Al Annexstad is Chairman Emeritus of Owatonna, Minnesota-based Federated Insurance Companies, one of our nation’s largest mutual multi-line insurers. However, an inspiring story of grit and graciousness precedes Al’s extraordinary business career.
Al was born the youngest of four children on a small dairy farm in the early 1940s near St. Peter, Minnesota, a small town nestled in the picturesque Minnesota River Valley. The farm had no plumbing or electricity, and the Annexstads worked tirelessly to complete their chores without the help of modern conveniences. “My father was very hard working,” Al notes. “He had to milk 40 cows twice a day by hand. He awoke early and went to bed late, which meant he had little time to spend with his family. He was, however, well respected in the community for operating a fine farm.”
Unfortunately, when Al was only five, his father Sanford suffered a fatal heart attack. His mother Alice tried to keep the dairy operation going, but after a year she and her children were exhausted and overwhelmed. She sold the farm, paid down her debts, and moved her children into a tiny house in St. Peter.

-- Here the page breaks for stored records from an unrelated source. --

Lemma form_eq t s : fdom t = fdom s -> (forall x y, fval t x y = fval s x y) -> t = s.
Proof.
case: t => Dt ft; case: s => Ds fs /= -> fsE.
by congr Form; apply/funext => x; apply/funext.
Qed.

Lemma form_addE t s x y : (fdom t `&` fdom s) x -> (fdom t `&` fdom s) y ->
  fval (form_add t s) x y = fval t x y + fval s x y.
Proof. by move=> Dx Dy; rewrite /= asboolT. Qed.

Lemma form_add_out t s x y : ~ ((fdom t `&` fdom s) x /\ (fdom t `&` fdom s) y) ->
  fval (form_add t s) x y = 0.
Proof. by move=> Dxy; rewrite /= asboolF //; exact: Dxy. Qed.

Lemma form_addC t s : form_add t s = form_add s t.
Proof.
apply: form_eq => [|x y]; first by rewrite /= setIC.
have [[Dx Dy]|Dxy] := pselect ((fdom t `&` fdom s) x /\ (fdom t `&` fdom s) y).
  by rewrite form_addE // form_addE 1?setIC // addrC.
by rewrite !form_add_out // setIC.
Qed.

Lemma form_addA t s r : form_add (form_add t s) r = form_add t (form_add s r).
Proof.
apply: form_eq => [|x y]; first by rewrite /= setIA.
set D := fdom t `&` fdom s `&` fdom r.
have [[[[? ?] ?] [[? ?] ?]]|Dxy] := pselect (D x /\ D y).
  by rewrite /= !asboolT ?addrA //; do !split.
rewrite !form_add_out // => -[[? [? ?]] [? [? ?]]].
by apply: Dxy; split; split=> //; split.
Qed.

Lemma is_form_out t x y : is_form ip t -> ~ (fdom t x /\ fdom t y) -> fval t x y = 0.
Proof. by case=> _ [_ [_ [_]]]; apply. Qed.

Lemma is_form_eq t s : is_form ip t -> is_form ip s -> fdom t = fdom s ->
  (forall x y, fdom t x -> fdom t y -> fval t x y = fval s x y) -> t = s.
Proof.
move=> t_form s_form Dts ts; apply: form_eq => // x y.
have [[Dx Dy]|Dxy] := pselect (fdom t x /\ fdom t y); first exact: ts.
by rewrite !is_form_out // -Dts.
Qed.
Lemma descent_cert_sigma3p mu1 mu2 L2 : 0 < mu1 -> mu2 < 0 -> 0 < mu1 + mu2 ->
  (mu1%:E < L2)%E -> (Bc mu1 mu2 L2 <= 0)%E ->
  let B := mu1^-1 + mu2^-1 + einv L2 in
  [/\ B <= 0, 0 <= einv (L2 + mu2%:E)%E &
      descent_cert mu2 (einv (L2 - mu2%:E)%E) (einv (L2 + mu2%:E)%E)
        (B * mu1 ^+ 2 / (B * mu1 - 1) - mu1)].
Proof.
move=> mu1_gt0 mu2_lt0 mu_gt0; case: L2 => [l2| |] //=; rewrite ?lte_fin => mu1_lt_l2.
  have l2_gt0 : 0 < l2 by lra.
  move=> B_le0; have key := B_le0; rewrite Bc_le0E // in key.
  move: B_le0; rewrite /Bc eqe gt_eqF //= lee_fin => B_le0.
  have l2mu2_gt0 : 0 < l2 + mu2.
    by rewrite -(pmulr_lgt0 _ mu_gt0); nra.
  split=> //; first by rewrite invr_ge0 ltW.
  set B := mu1^-1 + mu2^-1 + l2^-1.
  have -> : B * mu1 ^+ 2 / (B * mu1 - 1) - mu1 = mu2 - (l2 + mu2)^-1 * mu2 ^+ 2.
    by rewrite /B; field_lra.
  apply: descent_cert_npos; rewrite ?invr_ge0 ?(ltW mu2_lt0) ?(ltW l2mu2_gt0) //.
  suff -> : (1 - 2 * ((l2 + mu2)^-1 * mu2)) * (l2 - mu2)^-1 = (l2 + mu2)^-1 by [].
  by field_lra.
rewrite lee_fin addr0 => B_le0; split=> //.
have -> : (mu1^-1 + mu2^-1) * mu1 ^+ 2 / ((mu1^-1 + mu2^-1) * mu1 - 1) - mu1
    = mu2 - 0 * mu2 ^+ 2 by field_lra.
by apply: descent_cert_npos; rewrite ?mul0r ?mulr0 ?lexx // ltW.
Qed.

Lemma certified_D1 mu1 mu2 L1 L2 : (mu1%:E < L1)%E -> (mu2%:E < L2)%E ->
  (L1 < +oo \/ L2 < +oo)%E -> D1 mu1 mu2 L1 L2 ->
  certified mu1 mu2 L1 L2 (sigma1 mu1 L1 L2) (sigma1p mu1 L1 L2).
Proof.
move=> mu1_lt_L1 mu2_lt_L2 smooth [L2_le_L1 mu1_le_L2 mu1_ge0 _ mu2_alt].
case: L2 mu2_lt_L2 L2_le_L1 mu1_le_L2 mu2_alt smooth
  => [l2| |] // mu2_lt_l2 L2_le_L1 mu1_le_l2 mu2_alt;
  last by move: L2_le_L1; rewrite leye_eq => /eqP ->; rewrite ltxx; case.
move=> _; rewrite lte_fin in mu2_lt_l2; rewrite lee_fin in mu1_le_l2.
rewrite sigma1E sigma1pE; apply: certifiedC.
have mu1_range : 0 <= mu1 <= l2 by apply/andP.
case: mu2_alt => [mu2_ge0|[mu2_lt0 E_le0]].
  by apply: certified_sigma2 => //; [lra | left].
have mu1_gt0 : 0 < mu1.
  by rewrite lt_def mu1_ge0 andbT; apply: contraTneq E_le0 => ->; rewrite /Ec eqxx.
by apply: certified_sigma2 => //; [lra | right; apply: sigma2_ge1_of_Ec_le0 => //; lra].
Qed.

The rural farming community was also home to Gustavus Adolphus College, a small, prestigious private school. After two years of working multiple jobs to support her children, Mrs. Annexstad got a steady job preparing and serving food in the college cafeteria. “My mother worked there for 40 years,” he says. “She made sure the students had a nutritious breakfast, lunch and dinner. Her days were long, but she never complained. She loved working with the Gustavus students and staff and they loved her.”
Al remembers his youth in St. Peter as being in many ways a place of salvation. His family was embraced by their small community. The parents of his friends took an interest in the young, fatherless boy, spending quality time with him in family activities. When he was nine, Al took on a paper route that required him to deliver 110 papers each Sunday. He needed a bicycle for the job and went alone to see the owner of the local hardware store, Bill Francis, to work out a deal. He explained why he required a bicycle and Mr. Francis told him he could take one of his bikes that day if he came to the store each Saturday for a year with a $1 payment. They shook hands and Al honored the arrangement, recalling fondly how proud he was the day he delivered the last dollar.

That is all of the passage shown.